WORK ITEM: Print the records exactly as given.

[Saved data entries]
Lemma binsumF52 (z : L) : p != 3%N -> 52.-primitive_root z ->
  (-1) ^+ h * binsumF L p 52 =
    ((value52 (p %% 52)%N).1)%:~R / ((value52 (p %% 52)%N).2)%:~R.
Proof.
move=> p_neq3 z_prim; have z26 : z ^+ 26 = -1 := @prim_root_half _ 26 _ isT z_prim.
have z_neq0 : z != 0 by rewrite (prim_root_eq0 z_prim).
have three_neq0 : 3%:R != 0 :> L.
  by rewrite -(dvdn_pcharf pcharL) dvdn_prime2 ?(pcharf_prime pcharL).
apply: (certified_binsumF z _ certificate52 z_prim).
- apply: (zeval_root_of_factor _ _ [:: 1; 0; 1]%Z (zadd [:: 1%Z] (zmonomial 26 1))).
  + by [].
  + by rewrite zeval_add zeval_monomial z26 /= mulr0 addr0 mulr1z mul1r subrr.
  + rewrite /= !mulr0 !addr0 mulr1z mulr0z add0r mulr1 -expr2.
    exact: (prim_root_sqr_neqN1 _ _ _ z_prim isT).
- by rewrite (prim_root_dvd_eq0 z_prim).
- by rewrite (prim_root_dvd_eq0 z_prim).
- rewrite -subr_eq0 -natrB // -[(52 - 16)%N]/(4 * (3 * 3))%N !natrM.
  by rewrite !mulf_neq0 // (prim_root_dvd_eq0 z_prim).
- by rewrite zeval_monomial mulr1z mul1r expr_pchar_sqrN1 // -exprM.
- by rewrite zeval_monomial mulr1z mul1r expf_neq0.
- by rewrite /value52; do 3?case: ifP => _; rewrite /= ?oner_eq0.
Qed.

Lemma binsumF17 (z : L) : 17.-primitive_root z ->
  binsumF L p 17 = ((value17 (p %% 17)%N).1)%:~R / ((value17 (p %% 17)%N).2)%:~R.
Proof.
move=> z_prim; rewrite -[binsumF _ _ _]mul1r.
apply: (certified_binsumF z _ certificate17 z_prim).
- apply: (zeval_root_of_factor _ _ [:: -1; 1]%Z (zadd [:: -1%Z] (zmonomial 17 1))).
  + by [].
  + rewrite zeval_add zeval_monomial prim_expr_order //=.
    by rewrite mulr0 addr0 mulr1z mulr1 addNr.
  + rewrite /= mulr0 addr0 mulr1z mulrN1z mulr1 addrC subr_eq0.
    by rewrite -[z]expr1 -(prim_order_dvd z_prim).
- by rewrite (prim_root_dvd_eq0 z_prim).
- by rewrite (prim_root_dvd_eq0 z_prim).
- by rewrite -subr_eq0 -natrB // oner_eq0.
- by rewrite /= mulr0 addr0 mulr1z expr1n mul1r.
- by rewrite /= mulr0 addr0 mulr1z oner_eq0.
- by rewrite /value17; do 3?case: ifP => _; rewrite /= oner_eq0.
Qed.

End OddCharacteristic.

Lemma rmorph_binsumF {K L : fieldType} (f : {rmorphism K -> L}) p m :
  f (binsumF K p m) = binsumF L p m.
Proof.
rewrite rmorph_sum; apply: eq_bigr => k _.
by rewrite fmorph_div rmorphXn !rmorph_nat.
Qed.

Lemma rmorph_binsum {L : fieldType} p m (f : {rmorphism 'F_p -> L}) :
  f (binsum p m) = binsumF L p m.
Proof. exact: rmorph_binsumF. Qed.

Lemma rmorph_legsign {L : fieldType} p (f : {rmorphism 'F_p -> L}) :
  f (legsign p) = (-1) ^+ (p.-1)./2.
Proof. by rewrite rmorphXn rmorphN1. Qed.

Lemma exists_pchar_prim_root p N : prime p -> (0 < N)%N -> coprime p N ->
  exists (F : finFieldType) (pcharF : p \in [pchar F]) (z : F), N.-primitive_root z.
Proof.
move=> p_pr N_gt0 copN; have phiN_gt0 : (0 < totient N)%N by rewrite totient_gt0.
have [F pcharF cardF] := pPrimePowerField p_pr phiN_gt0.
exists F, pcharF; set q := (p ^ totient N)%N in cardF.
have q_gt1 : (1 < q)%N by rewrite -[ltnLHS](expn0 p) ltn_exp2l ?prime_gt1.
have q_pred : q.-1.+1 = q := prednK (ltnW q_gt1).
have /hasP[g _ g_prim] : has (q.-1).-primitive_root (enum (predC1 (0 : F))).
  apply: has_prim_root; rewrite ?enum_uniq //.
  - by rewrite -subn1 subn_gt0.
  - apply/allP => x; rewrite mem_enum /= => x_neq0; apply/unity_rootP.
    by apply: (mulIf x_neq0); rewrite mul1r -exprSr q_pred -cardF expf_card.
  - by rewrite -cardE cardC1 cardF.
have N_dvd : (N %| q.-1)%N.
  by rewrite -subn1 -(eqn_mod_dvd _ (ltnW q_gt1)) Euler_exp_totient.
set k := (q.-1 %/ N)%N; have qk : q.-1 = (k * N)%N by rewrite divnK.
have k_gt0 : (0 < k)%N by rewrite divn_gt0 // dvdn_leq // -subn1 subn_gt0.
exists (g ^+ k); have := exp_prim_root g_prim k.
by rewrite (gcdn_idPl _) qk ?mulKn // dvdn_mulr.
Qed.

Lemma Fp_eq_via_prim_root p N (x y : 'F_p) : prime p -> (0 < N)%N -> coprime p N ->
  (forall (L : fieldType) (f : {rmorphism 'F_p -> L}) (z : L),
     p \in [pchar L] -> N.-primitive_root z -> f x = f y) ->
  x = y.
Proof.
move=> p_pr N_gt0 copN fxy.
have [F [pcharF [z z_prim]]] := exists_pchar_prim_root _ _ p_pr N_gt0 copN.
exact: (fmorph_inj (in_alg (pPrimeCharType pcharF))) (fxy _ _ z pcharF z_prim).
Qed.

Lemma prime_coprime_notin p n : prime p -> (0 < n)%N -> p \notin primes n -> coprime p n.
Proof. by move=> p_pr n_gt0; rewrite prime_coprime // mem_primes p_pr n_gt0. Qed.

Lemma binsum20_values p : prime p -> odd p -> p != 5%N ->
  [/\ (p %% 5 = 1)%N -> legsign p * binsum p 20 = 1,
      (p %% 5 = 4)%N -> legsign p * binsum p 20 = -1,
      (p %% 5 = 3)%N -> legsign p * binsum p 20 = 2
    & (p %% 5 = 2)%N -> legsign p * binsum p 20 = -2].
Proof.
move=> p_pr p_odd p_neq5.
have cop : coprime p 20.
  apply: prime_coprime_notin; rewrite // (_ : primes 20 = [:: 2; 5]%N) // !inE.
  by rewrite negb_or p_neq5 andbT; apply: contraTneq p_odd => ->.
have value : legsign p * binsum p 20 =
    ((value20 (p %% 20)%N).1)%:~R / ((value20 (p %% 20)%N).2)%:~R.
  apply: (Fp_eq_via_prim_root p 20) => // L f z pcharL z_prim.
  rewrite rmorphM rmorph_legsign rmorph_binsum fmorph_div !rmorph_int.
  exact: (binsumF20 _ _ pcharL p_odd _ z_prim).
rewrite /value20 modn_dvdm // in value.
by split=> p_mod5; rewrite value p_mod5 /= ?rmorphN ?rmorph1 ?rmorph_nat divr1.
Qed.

SOLUTION FOR THIS PROBLEM:
Lemma binsumF52 (z : L) : p != 3%N -> 52.-primitive_root z ->
  (-1) ^+ h * binsumF L p 52 =
    ((value52 (p %% 52)%N).1)%:~R / ((value52 (p %% 52)%N).2)%:~R.
Proof.
move=> p_neq3 z_prim; have z26 : z ^+ 26 = -1 := @prim_root_half _ 26 _ isT z_prim.
have z_neq0 : z != 0 by rewrite (prim_root_eq0 z_prim).
have three_neq0 : 3%:R != 0 :> L.
  by rewrite -(dvdn_pcharf pcharL) dvdn_prime2 ?(pcharf_prime pcharL).
apply: (certified_binsumF z _ certificate52 z_prim).
- apply: (zeval_root_of_factor _ _ [:: 1; 0; 1]%Z (zadd [:: 1%Z] (zmonomial 26 1))).
  + by [].
  + by rewrite zeval_add zeval_monomial z26 /= mulr0 addr0 mulr1z mul1r subrr.
  + rewrite /= !mulr0 !addr0 mulr1z mulr0z add0r mulr1 -expr2.
    exact: (prim_root_sqr_neqN1 _ _ _ z_prim isT).
- by rewrite (prim_root_dvd_eq0 z_prim).
- by rewrite (prim_root_dvd_eq0 z_prim).
- rewrite -subr_eq0 -natrB // -[(52 - 16)%N]/(4 * (3 * 3))%N !natrM.
  by rewrite !mulf_neq0 // (prim_root_dvd_eq0 z_prim).
- by rewrite zeval_monomial mulr1z mul1r expr_pchar_sqrN1 // -exprM.
- by rewrite zeval_monomial mulr1z mul1r expf_neq0.
- by rewrite /value52; do 3?case: ifP => _; rewrite /= ?oner_eq0.
Qed.

Lemma binsumF17 (z : L) : 17.-primitive_root z ->
  binsumF L p 17 = ((value17 (p %% 17)%N).1)%:~R / ((value17 (p %% 17)%N).2)%:~R.
Proof.
move=> z_prim; rewrite -[binsumF _ _ _]mul1r.
apply: (certified_binsumF z _ certificate17 z_prim).
- apply: (zeval_root_of_factor _ _ [:: -1; 1]%Z (zadd [:: -1%Z] (zmonomial 17 1))).
  + by [].
  + rewrite zeval_add zeval_monomial prim_expr_order //=.
    by rewrite mulr0 addr0 mulr1z mulr1 addNr.
  + rewrite /= mulr0 addr0 mulr1z mulrN1z mulr1 addrC subr_eq0.
    by rewrite -[z]expr1 -(prim_order_dvd z_prim).
- by rewrite (prim_root_dvd_eq0 z_prim).
- by rewrite (prim_root_dvd_eq0 z_prim).
- by rewrite -subr_eq0 -natrB // oner_eq0.
- by rewrite /= mulr0 addr0 mulr1z expr1n mul1r.
- by rewrite /= mulr0 addr0 mulr1z oner_eq0.
- by rewrite /value17; do 3?case: ifP => _; rewrite /= oner_eq0.
Qed.

End OddCharacteristic.

Lemma rmorph_binsumF {K L : fieldType} (f : {rmorphism K -> L}) p m :
  f (binsumF K p m) = binsumF L p m.
Proof.
rewrite rmorph_sum; apply: eq_bigr => k _.
by rewrite fmorph_div rmorphXn !rmorph_nat.
Qed.

Lemma rmorph_binsum {L : fieldType} p m (f : {rmorphism 'F_p -> L}) :
  f (binsum p m) = binsumF L p m.
Proof. exact: rmorph_binsumF. Qed.

Lemma rmorph_legsign {L : fieldType} p (f : {rmorphism 'F_p -> L}) :
  f (legsign p) = (-1) ^+ (p.-1)./2.
Proof. by rewrite rmorphXn rmorphN1. Qed.

Lemma exists_pchar_prim_root p N : prime p -> (0 < N)%N -> coprime p N ->
  exists (F : finFieldType) (pcharF : p \in [pchar F]) (z : F), N.-primitive_root z.
Proof.
move=> p_pr N_gt0 copN; have phiN_gt0 : (0 < totient N)%N by rewrite totient_gt0.
have [F pcharF cardF] := pPrimePowerField p_pr phiN_gt0.
exists F, pcharF; set q := (p ^ totient N)%N in cardF.
have q_gt1 : (1 < q)%N by rewrite -[ltnLHS](expn0 p) ltn_exp2l ?prime_gt1.
have q_pred : q.-1.+1 = q := prednK (ltnW q_gt1).
have /hasP[g _ g_prim] : has (q.-1).-primitive_root (enum (predC1 (0 : F))).
  apply: has_prim_root; rewrite ?enum_uniq //.
  - by rewrite -subn1 subn_gt0.
  - apply/allP => x; rewrite mem_enum /= => x_neq0; apply/unity_rootP.
    by apply: (mulIf x_neq0); rewrite mul1r -exprSr q_pred -cardF expf_card.
  - by rewrite -cardE cardC1 cardF.
have N_dvd : (N %| q.-1)%N.
  by rewrite -subn1 -(eqn_mod_dvd _ (ltnW q_gt1)) Euler_exp_totient.
set k := (q.-1 %/ N)%N; have qk : q.-1 = (k * N)%N by rewrite divnK.
have k_gt0 : (0 < k)%N by rewrite divn_gt0 // dvdn_leq // -subn1 subn_gt0.
exists (g ^+ k); have := exp_prim_root g_prim k.
by rewrite (gcdn_idPl _) qk ?mulKn // dvdn_mulr.
Qed.

Lemma Fp_eq_via_prim_root p N (x y : 'F_p) : prime p -> (0 < N)%N -> coprime p N ->
  (forall (L : fieldType) (f : {rmorphism 'F_p -> L}) (z : L),
     p \in [pchar L] -> N.-primitive_root z -> f x = f y) ->
  x = y.
Proof.
move=> p_pr N_gt0 copN fxy.
have [F [pcharF [z z_prim]]] := exists_pchar_prim_root _ _ p_pr N_gt0 copN.
exact: (fmorph_inj (in_alg (pPrimeCharType pcharF))) (fxy _ _ z pcharF z_prim).
Qed.

Lemma prime_coprime_notin p n : prime p -> (0 < n)%N -> p \notin primes n -> coprime p n.
Proof. by move=> p_pr n_gt0; rewrite prime_coprime // mem_primes p_pr n_gt0. Qed.

Lemma binsum20_values p : prime p -> odd p -> p != 5%N ->
  [/\ (p %% 5 = 1)%N -> legsign p * binsum p 20 = 1,
      (p %% 5 = 4)%N -> legsign p * binsum p 20 = -1,
      (p %% 5 = 3)%N -> legsign p * binsum p 20 = 2
    & (p %% 5 = 2)%N -> legsign p * binsum p 20 = -2].
Proof.
move=> p_pr p_odd p_neq5.
have cop : coprime p 20.
  apply: prime_coprime_notin; rewrite // (_ : primes 20 = [:: 2; 5]%N) // !inE.
  by rewrite negb_or p_neq5 andbT; apply: contraTneq p_odd => ->.
have value : legsign p * binsum p 20 =
    ((value20 (p %% 20)%N).1)%:~R / ((value20 (p %% 20)%N).2)%:~R.
  apply: (Fp_eq_via_prim_root p 20) => // L f z pcharL z_prim.
  rewrite rmorphM rmorph_legsign rmorph_binsum fmorph_div !rmorph_int.
  exact: (binsumF20 _ _ pcharL p_odd _ z_prim).
rewrite /value20 modn_dvdm // in value.
by split=> p_mod5; rewrite value p_mod5 /= ?rmorphN ?rmorph1 ?rmorph_nat divr1.
Qed.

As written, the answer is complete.